Besides, it also unlocks avenues to develop innovative value propositions for retail and corporate clients in the realm of international transactions. In this article, we list the key opportunities that the knowledge of the OLO SCT Inst rulebook presents to payment service providers and explain why it’s crucial not to miss out on them!
Before we delve into the rulebook overview, let’s take a moment to recap what OLO transactions are. Simply put, this is a category of financial operations in which at least one of the legs involves the Euro currency.
Another key piece of information you need to keep in mind when it comes to OLO transactions is the differentiation between OCT Inst and SCT Inst schemes.
While both of them are part of the SEPA (Single Euro Payments Area) initiative aimed at harmonizing electronic payments in euros across Europe, there are two key differences between them, namely:
Geographical Coverage
The SCT Inst scheme covers the entire SEPA zone, which includes 36 countries, including all 27 EU member states, as well as Iceland, Liechtenstein, Norway, Switzerland, Monaco, and San Marino.

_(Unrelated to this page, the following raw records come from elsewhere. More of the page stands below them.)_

(* nsatz only decides ideal membership, so the nonzero factors V, T, sqrt 2 and
   1 + 4 u^2 get explicit inverse variables that it may cancel against. *)
Ltac sys1_algebra u :=
  pose proof (sys1_V_sq u) as HV2; pose proof (sys1_T_sq u) as HT;
  pose proof (sys1_V_pos u); pose proof (sys1_T_pos u); pose proof (pow2_ge_0 u);
  rewrite ?h1_sys1_T; unfold sys1_X, sys1_K, p1_1, q2_1, q0_1;
  set (V := sys1_V u) in *; set (T := sys1_T u) in *; set (r := sqrt 2) in *;
  clearbody V T r;
  assert (HVi : V * / V = 1) by (field; lra); assert (HTi : T * / T = 1) by (field; lra);
  assert (Hri : r * / r = 1) by (field; lra);
  assert (HDi : (1 + 4 * u ^ 2) * / (1 + 4 * u ^ 2) = 1) by (field; lra);
  set (Vi := / V) in *; set (Ti := / T) in *; set (ri := / r) in *;
  set (Di := / (1 + 4 * u ^ 2)) in *; clearbody Vi Ti ri Di;
  field_simplify_eq;
  [clear - HV2 HT HVi HTi Hri HDi s_sq sqrt2_sq; cbn [pow] in *; nsatz | repeat split; lra ..].

Lemma sys1_X_deriv u : derivable_pt_lim sys1_X u ((1 + h1 s u) * p1_1 s (sys1_X u) * sys1_K u).
Proof.
  apply is_derive_Reals. unfold sys1_X at 1.
  auto_derive; [eapply ex_derive_of_lim, sys1_V_deriv |].
  rewrite (Derive_of_lim _ _ _ (sys1_V_deriv u)). sys1_algebra u.
Qed.

Lemma sys1_K_deriv u : derivable_pt_lim sys1_K u ((1 + h1 s u) * q2_1 s (sys1_X u) * sys1_K u ^ 2).
Proof.
  pose proof (pow2_ge_0 u).
  apply is_derive_Reals. unfold sys1_K at 1.
  auto_derive.
  { repeat split; [eapply ex_derive_of_lim, sys1_T_deriv | apply Rmult_integral_contrapositive; lra]. }
  rewrite (Derive_of_lim _ _ _ (sys1_T_deriv u)). sys1_algebra u.
Qed.

Lemma sys1_q0_eq u : - u * sys1_K u = (1 + h1 s u) * q0_1 s (sys1_X u).
Proof. sys1_algebra u. Qed.

Lemma sys1_p1_X u : p1_1 s (sys1_X u) = - sys1_V u * (3 - sys1_V u * sys1_V u) / 2.
Proof. sys1_algebra u. Qed.

Lemma sys1_X_0 : sys1_X 0 = 0.
Proof.
  unfold sys1_X, sys1_V.
  replace ((1 + 6 * 0 ^ 2 + 2 * s * 0 * sys1_T 0) / (1 + 4 * 0 ^ 2)) with 1 by field.
  rewrite sqrt_1. unfold Rdiv. ring.
Qed.

Lemma sys1_p1_X_neg u : p1_1 s (sys1_X u) < 0.
Proof.
  rewrite sys1_p1_X. pose proof (sys1_V_pos u). pose proof (sys1_V_sq_lt u).
  assert (0 < sys1_V u * (3 - sys1_V u * sys1_V u)) by (apply Rmult_lt_0_compat; lra).
  lra.
Qed.

Lemma sys1_K_le u : Rabs u <= / 10 -> sys1_K u <= - / 2.
Proof.
  intros Hu. apply Rabs_le_between in Hu. unfold sys1_K.
  pose proof (sys1_T_sq u). pose proof (sys1_T_pos u). pose proof (pow2_ge_0 u).
  assert (HT : sqrt 2 <= sys1_T u) by nra.
  assert (Hsu : - / 10 <= s * u) by (destruct s_sign as [-> | ->]; lra).
  assert (HD : 1 + 4 * u ^ 2 <= 1.04) by (simpl; nra).
  apply Rmult_le_reg_r with (sqrt 2 * (1 + 4 * u ^ 2)); [nra |].
  unfold Rdiv. rewrite Rmult_assoc, Rinv_l, Rmult_1_r by nra. nra.
Qed.

Lemma h1_odd u : h1 s (- u) = - h1 s u.
Proof. unfold h1. replace ((- u) ^ 2) with (u ^ 2) by ring. unfold Rdiv. ring. Qed.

The OCT Inst scheme, on the other hand, mainly focuses on transactions within the Eurozone.
Transaction Limits
SCT Inst typically has a maximum transaction limit of €100,000 per transfer. However, individual banks may set lower limits for their customers. In comparison, the OCT Inst scheme is more focused on smaller-value instant payments, often targeting retail transactions and peer-to-peer transfers.
Now that we have reviewed all the fundamentals linked to OLO transactions, let’s take a closer look at the benefits of having insights into the OCT/SCT Inst rulebook.
This document offers several significant advantages for PSPs looking to expand their services and boost their competitiveness in the market, including:
1. Clear Standards
First and foremost, the rulebook provides a defined set of standards for managing operational risks related to cross-border instant payments. By following the rules and practices outlined in it, PSPs can mitigate risks and foster trust among their customers while staying on good terms with regulatory authorities.
2. Enhanced UX & Market Reach
By participating in the OLO SCT/OCT Inst schemes, PSPs can expand their market reach beyond domestic boundaries. What’s more, round-the-clock processing and instant execution of transactions enable them to promote customer satisfaction and boost their loyalty.
3. Competitive Advantage
By leveraging the capabilities described in the rulebook, PSPs can develop new products and services tailored to the needs of their target market segments. This, in turn, allows them to gain a significant competitive edge in the rapidly evolving payments landscape.
4. Revenue Growth
Ultimately, the knowledge of the OLO SCT/OCT Inst schemes rulebook opens up opportunities for PSPs to generate additional revenue through value-added services. Besides, the facilitation of cross-border instant payments is a surefire way to capture a larger share of the market and drive growth in transaction volumes.
Overall, while participation in the OLO SCT/OCT schemes is not mandatory for PSPs, it offers noteworthy benefits in terms of interoperability, efficiency, and customer service, incentivizing an increasing number of service providers to join voluntarily.
As a result, by embracing the guidelines and standards laid out in the rulebook, PSPs can effectively position themselves for success in the dynamic and competitive cross-border instant payment landscape within the SEPA zone.